Instructions to follow: Below is some material. Set down exactly the line where "p (prof i)." appears and all lines after it, and stop at the last line.

Information:
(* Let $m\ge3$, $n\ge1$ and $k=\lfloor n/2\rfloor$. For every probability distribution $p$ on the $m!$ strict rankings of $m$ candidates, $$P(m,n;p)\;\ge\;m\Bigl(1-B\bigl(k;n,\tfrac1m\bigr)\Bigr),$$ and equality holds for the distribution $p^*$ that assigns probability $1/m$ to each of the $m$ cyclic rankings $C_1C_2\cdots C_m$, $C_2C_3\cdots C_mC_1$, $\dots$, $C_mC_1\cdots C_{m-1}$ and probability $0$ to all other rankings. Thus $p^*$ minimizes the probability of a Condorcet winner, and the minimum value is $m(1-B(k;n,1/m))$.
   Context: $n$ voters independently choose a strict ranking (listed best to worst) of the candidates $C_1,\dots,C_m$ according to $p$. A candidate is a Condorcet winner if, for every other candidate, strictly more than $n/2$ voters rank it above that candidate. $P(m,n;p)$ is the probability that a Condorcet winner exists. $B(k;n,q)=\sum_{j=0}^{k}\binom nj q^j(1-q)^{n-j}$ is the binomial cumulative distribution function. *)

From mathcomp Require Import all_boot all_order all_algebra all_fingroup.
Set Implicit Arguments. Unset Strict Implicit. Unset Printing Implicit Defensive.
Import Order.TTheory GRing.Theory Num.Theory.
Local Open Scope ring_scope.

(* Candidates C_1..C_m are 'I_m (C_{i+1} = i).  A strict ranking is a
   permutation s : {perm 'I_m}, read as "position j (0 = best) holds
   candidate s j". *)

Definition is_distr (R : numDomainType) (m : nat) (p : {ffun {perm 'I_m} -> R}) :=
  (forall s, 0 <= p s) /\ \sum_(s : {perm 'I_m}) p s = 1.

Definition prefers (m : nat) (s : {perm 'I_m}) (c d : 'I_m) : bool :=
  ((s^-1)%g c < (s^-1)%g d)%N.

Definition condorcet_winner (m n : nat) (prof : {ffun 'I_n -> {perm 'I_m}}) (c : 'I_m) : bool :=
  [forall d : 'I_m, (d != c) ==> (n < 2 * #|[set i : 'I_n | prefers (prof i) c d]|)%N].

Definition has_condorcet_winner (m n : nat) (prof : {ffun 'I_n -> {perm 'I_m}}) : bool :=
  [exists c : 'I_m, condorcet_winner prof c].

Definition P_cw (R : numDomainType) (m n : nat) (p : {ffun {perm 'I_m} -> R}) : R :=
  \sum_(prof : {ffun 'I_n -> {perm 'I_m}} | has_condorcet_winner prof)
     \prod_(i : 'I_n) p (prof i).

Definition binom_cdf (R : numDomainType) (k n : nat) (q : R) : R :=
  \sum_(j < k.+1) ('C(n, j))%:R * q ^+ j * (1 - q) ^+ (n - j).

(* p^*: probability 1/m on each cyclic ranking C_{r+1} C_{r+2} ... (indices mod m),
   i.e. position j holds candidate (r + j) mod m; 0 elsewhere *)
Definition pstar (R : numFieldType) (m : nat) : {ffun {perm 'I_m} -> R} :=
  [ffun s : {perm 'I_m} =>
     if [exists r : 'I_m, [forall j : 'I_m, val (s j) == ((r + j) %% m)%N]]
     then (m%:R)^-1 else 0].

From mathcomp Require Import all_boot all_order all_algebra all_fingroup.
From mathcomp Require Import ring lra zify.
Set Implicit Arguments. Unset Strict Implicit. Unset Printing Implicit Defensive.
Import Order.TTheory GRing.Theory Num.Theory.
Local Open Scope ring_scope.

Your solution:
     \prod_(i : 'I_n) p (prof i).

Definition binom_cdf (R : numDomainType) (k n : nat) (q : R) : R :=
  \sum_(j < k.+1) ('C(n, j))%:R * q ^+ j * (1 - q) ^+ (n - j).

(* p^*: probability 1/m on each cyclic ranking C_{r+1} C_{r+2} ... (indices mod m),
   i.e. position j holds candidate (r + j) mod m; 0 elsewhere *)
Definition pstar (R : numFieldType) (m : nat) : {ffun {perm 'I_m} -> R} :=
  [ffun s : {perm 'I_m} =>
     if [exists r : 'I_m, [forall j : 'I_m, val (s j) == ((r + j) %% m)%N]]
     then (m%:R)^-1 else 0].

From mathcomp Require Import all_boot all_order all_algebra all_fingroup.
From mathcomp Require Import ring lra zify.
Set Implicit Arguments. Unset Strict Implicit. Unset Printing Implicit Defensive.
Import Order.TTheory GRing.Theory Num.Theory.
Local Open Scope ring_scope.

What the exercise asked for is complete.